Over the past two years, regional carriers have been forced to revisit their schedules, reducing capacity across the board. Of all the brands, Caribbean Airlines was forced to make the biggest changes, announcing sweeping route cuts and reductions across its network following poor financial performance.

Looking back, when some of these routes were announced, I really wondered what was their rationale behind them. Were airlines simply trying to fill the void left by old LIAT? Were they shooting darts at a map? Or did they know something we did not?

Focusing again on Caribbean Airlines, some of the routes they targeted ended up being serviced by up to four competing airlines. Sounds great, right? The real-world numbers said otherwise as some of the carriers struggled badly to fill seats on these flights.

Realistically, travel within the Caribbean is a very complex issue. For starters, taxes and fees contribute anywhere from 30 to 50% of ticket prices. For example, a one-way flight from Barbados to Dominica costs almost as much as a one-way flight from Barbados to Miami. Even after decades of complaining, there has been very little done to make travel within the region more affordable.

liat20 emb145
Credit: Bradley Wint/Gate Checked

Can more be done to reduce the cost? Maybe? On the flip side, it’s hard to make a comparison with airlines flying across the United States. These carriers can afford to offer bottom of the barrel prices, as they usually make up the bulk of their profits on premium transcon, and international transatlantic and transpacific flights. Nonetheless, Caribbean governments should consider offering discounted rates for Caribbean-born nationals as a way to at least incentivize a bit more travel within the islands.

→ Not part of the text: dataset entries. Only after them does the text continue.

Lemma size_leq_exp_height (X : eqType) T (S : seq X) (pt : X -> input R n) :
  uniq S -> {in S &, injective (fun x => tree_path T (pt x))} ->
  (size S <= 3 ^ height T)%N.
Proof.
elim: T S => [g|f tlt IHlt teq IHeq tgt IHgt] S uS inj /=.
  rewrite -(size_map (fun x => tree_path (DLeaf g) (pt x))).
  apply: (@uniq_leq_size _ _ [:: [::]]); first by rewrite map_inj_in_uniq.
  by move=> p /mapP[x _ ->]; rewrite inE.
set h := maxn _ _.
have size_branch T' k (b : pred X) : (height T' <= h)%N ->
    (forall S', uniq S' -> {in S' &, injective (fun x => tree_path T' (pt x))} ->
      (size S' <= 3 ^ height T')%N) ->
    (forall x, b x -> tree_path (DNode f tlt teq tgt) (pt x) = k :: tree_path T' (pt x)) ->
    (count b S <= 3 ^ h)%N.
  move=> hT' IH path_b; rewrite -size_filter (leq_trans _ (leq_pexp2l _ hT')) //.
  apply: IH; first exact: filter_uniq.
  move=> x y; rewrite !mem_filter => /andP[bx xS] /andP[b_y yS] e.
  by apply: inj => //; rewrite [LHS]path_b // [RHS]path_b // e.
pose neg x := (rf_eval f (pt x) < 0)%R.
pose zero x := (rf_eval f (pt x) == 0)%R.
rewrite (_ : size S = count neg S + count [pred x | ~~ neg x && zero x] S
    + count [pred x | ~~ neg x && ~~ zero x] S)%N; last first.
  by elim: (S) => //= x S' ->; case: (neg x); case: (zero x) => /=; lia.
have hlt : (height tlt <= h)%N by rewrite leq_maxl.
have heq : (height teq <= h)%N by rewrite (leq_trans _ (leq_maxr _ _)) ?leq_maxl.
have hgt : (height tgt <= h)%N by rewrite (leq_trans _ (leq_maxr _ _)) ?leq_maxr.
have c1 : (count neg S <= 3 ^ h)%N.
  by apply: (size_branch tlt 0%N) => // x; rewrite /neg /= => ->.
have c2 : (count [pred x | ~~ neg x && zero x] S <= 3 ^ h)%N.
  by apply: (size_branch teq 1%N) => // x; rewrite /neg /zero /= => /andP[/negPf -> ->].
have c3 : (count [pred x | ~~ neg x && ~~ zero x] S <= 3 ^ h)%N.
  by apply: (size_branch tgt 2%N) => // x; rewrite /neg /zero /= => /andP[/negPf -> /negPf ->].
rewrite expnS; lia.
Qed.
End DecisionTree.

Section MaximumConsecutiveSums.
Variables (R : realType) (n : nat).
Implicit Types (A B w : input R n) (P Q : config n).

Definition strict_output P A :=
  forall (i : 'I_n) (s : nat), (s + i.+1 <= n)%N -> s != (P i).-1 ->
    segsum A s i.+1 < segsum A (P i).-1 i.+1.

Lemma config_gt0 P i : is_config P -> (0 < P i)%N.
Proof. by move=> cP; case/andP: (cP i). Qed.

Lemma segsum_line A w t s l :
  segsum (line A w t) s l = segsum A s l + t * segsum w s l.
Proof. by rewrite /segsum mulr_sumr -big_split. Qed.

Lemma strict_output_line_open P : line_open (strict_output P).
Proof.
move=> A w sA.
have Hi (i : 'I_n) : near0p (fun t => forall s, s \in iota 0 n ->
    (s + i.+1 <= n)%N -> s != (P i).-1 ->
    segsum (line A w t) s i.+1 < segsum (line A w t) (P i).-1 i.+1).
  apply: near0p_all_seq => s _.
  have [/andP[sn sP]|not_s] := boolP ((s + i.+1 <= n)%N && (s != (P i).-1)); last first.
    by apply: near0pT => t sn sP; move: not_s; rewrite sn sP.
  have := near0p_lt_line (segsum w s i.+1) (segsum w (P i).-1 i.+1) (sA i s sn sP).
  by apply: near0pS => t; rewrite !segsum_line.
apply: near0pS (near0p_all Hi) => t Ht i s sn sP; apply: Ht => //.
by rewrite mem_iota; lia.
Qed.

Lemma strict_output_unique P A Q :
  is_config P -> strict_output P A -> output_config A Q -> Q = P.
Proof.
move=> cP sA [cQ oQ]; apply/ffunP => i.
have [/andP[P1 Pn] /andP[Q1 Qn]] := (cP i, cQ i).
have [eq_pred|ne] := eqVneq (Q i).-1 (P i).-1.
  by rewrite -(prednK Q1) -(prednK P1) eq_pred.
have vP : ((P i).-1 + i.+1 <= n)%N by lia.
have vQ : ((Q i).-1 + i.+1 <= n)%N by lia.
by have := le_lt_trans (oQ i _ vP) (sA i _ vQ ne); rewrite ltxx.
Qed.
(* Let $n\ge 2$. The subgroup of $(n-2)$-decomposable braids in $P_n$, namely $\bigcap_{S\subseteq N,\ |S|=n-2} Q_S$, equals the commutator subgroup $[P_n,P_n]$ of $P_n$.
   Context: $P_n$ denotes the pure braid group on $n$ strands, generated by elements $p_{a,b}$ for $1\le a<b\le n$ subject to the relations: (A) $p_{a,b}p_{a,c}p_{b,c}=p_{a,c}p_{b,c}p_{a,b}=p_{b,c}p_{a,b}p_{a,c}$ for $1\le a<b<c\le n$; (B) $p_{a,b}p_{c,d}=p_{c,d}p_{a,b}$ and $p_{a,d}p_{b,c}=p_{b,c}p_{a,d}$ for $1\le a<b<c<d\le n$; (C) $p_{a,c}p_{b,c}^{-1}p_{b,d}p_{b,c}=p_{b,c}^{-1}p_{b,d}p_{b,c}p_{a,c}$ for $1\le a<b<c<d\le n$. Let $N=\{1,\dots,n\}$. For $S\subseteq N$, $Q_S$ is the subgroup generated by the $p_{a,b}$ with $a\in S$ or $b\in S$ (with $Q_\emptyset$ trivial). A braid is $k$-decomposable if it lies in $Q_S$ for every $S\subseteq N$ with $|S|=k$. *)

From mathcomp Require Import all_boot.
Set Implicit Arguments. Unset Strict Implicit. Unset Printing Implicit Defensive.

(* Strands are labelled by 'I_n = {0,...,n-1} (shift of {1,...,n}).
   A letter (a, b, e) stands for p_{a,b} if e = false and p_{a,b}^-1 if e = true. *)
Definition letter (n : nat) := ('I_n * 'I_n * bool)%type.
Definition word (n : nat) := seq (letter n).

Definition linv n (x : letter n) : letter n := (x.1.1, x.1.2, ~~ x.2).
Definition winv n (w : word n) : word n := rev (map (@linv n) w).

Definition pg n (a b : 'I_n) : letter n := (a, b, false).
Definition pgi n (a b : 'I_n) : letter n := (a, b, true).

Definition valid_letter n (x : letter n) : bool := x.1.1 < x.1.2.
Definition valid_word n (w : word n) : bool := all (@valid_letter n) w.

(* The congruence on words generated by free cancellation and the
   defining relations (A), (B), (C) of P_n. *)
Inductive peq (n : nat) : word n -> word n -> Prop :=
| peq_refl w : peq w w
| peq_sym u v : peq u v -> peq v u
| peq_trans u v w : peq u v -> peq v w -> peq u w
| peq_cat u1 u2 v1 v2 : peq u1 u2 -> peq v1 v2 -> peq (u1 ++ v1) (u2 ++ v2)
| peq_cancel x : peq [:: x; linv x] [::]
| peq_A1 (a b c : 'I_n) : a < b -> b < c ->
    peq [:: pg a b; pg a c; pg b c] [:: pg a c; pg b c; pg a b]
| peq_A2 (a b c : 'I_n) : a < b -> b < c ->
    peq [:: pg a c; pg b c; pg a b] [:: pg b c; pg a b; pg a c]
| peq_B1 (a b c d : 'I_n) : a < b -> b < c -> c < d ->
    peq [:: pg a b; pg c d] [:: pg c d; pg a b]
| peq_B2 (a b c d : 'I_n) : a < b -> b < c -> c < d ->
    peq [:: pg a d; pg b c] [:: pg b c; pg a d]
| peq_C (a b c d : 'I_n) : a < b -> b < c -> c < d ->
    peq [:: pg a c; pgi b c; pg b d; pg b c] [:: pgi b c; pg b d; pg b c; pg a c].

Definition inQ n (S : {set 'I_n}) (w : word n) : Prop :=
  exists w' : word n,
    all (fun x => valid_letter x && ((x.1.1 \in S) || (x.1.2 \in S))) w' /\ peq w w'.

Definition commw n (uv : word n * word n) : word n :=
  uv.1 ++ uv.2 ++ winv uv.1 ++ winv uv.2.

(* membership in [P_n, P_n]: w equals a product of commutators [u,v]
   (the inverse of [u,v] is literally the word [v,u], so these products
   form the subgroup generated by commutators) *)
Definition inComm n (w : word n) : Prop :=
  exists s : seq (word n * word n),
    all (fun uv => valid_word uv.1 && valid_word uv.2) s /\
    peq w (flatten (map (@commw n) s)).

Definition decomposable n (k : nat) (w : word n) : Prop :=
  forall S : {set 'I_n}, #|S| = k -> inQ S w.

From mathcomp Require Import all_boot all_algebra zify.
Set Implicit Arguments. Unset Strict Implicit. Unset Printing Implicit Defensive.
Import GRing.Theory.

(* Fix i < j and let Q be the subgroup generated by all p_{a,b} other than
   p_{i,j}; the Q_S with |S| = n - 2 are exactly these groups.  Relations (A),
   (B), (C) show, by a case analysis on the relative position of the strands,
   that conjugating a generator of Q by p_{i,j}^{+-1} stays in Q.  So Q is
   normal and P_n / Q is cyclic, generated by the image of p_{i,j}; hence Q
   contains all commutators.  Conversely the exponent sum of each generator is
   invariant under the relations, and it vanishes on Q for the generator
   p_{i,j}; so an (n-2)-decomposable braid has all exponent sums zero, and such
   a word x u x^-1 v equals [x, u] (u v), which gives a product of commutators
   by induction on its length. *)

Section FreeCancellation.
Variable n : nat.
Implicit Types (s t u v w : word n) (x z : letter n).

Rising fuel prices over the past few years has also contributed significantly to the problem, making profitability within the region much more difficult. While some airlines have the privilege of deep pockets to dig into to sustain loss-making routes, others were forced to draw the line and retreat in order to stop excess cash burn. There’s really not much that can be said about this as fuel prices could take years to return to pre-pandemic levels with so much going on across the world.

Then there is the mere fact that there are only that many passengers can you fly from point A to point B. Regardless of how many options you offer, and how cheap ticket prices could be in theory, you cannot look beyond the fact that there will only be X number of passengers to fly per month. Some routes do very well, while other connections are simply not commercially viable and may only exist as an essential service.

With so many fishermen and a limited number of fish to catch, why not focus more on interlining rather than competing? Interlining is an agreement that lets airlines carry passengers, baggage, or cargo across each other’s flights as part of a single connected journey, often on one ticket.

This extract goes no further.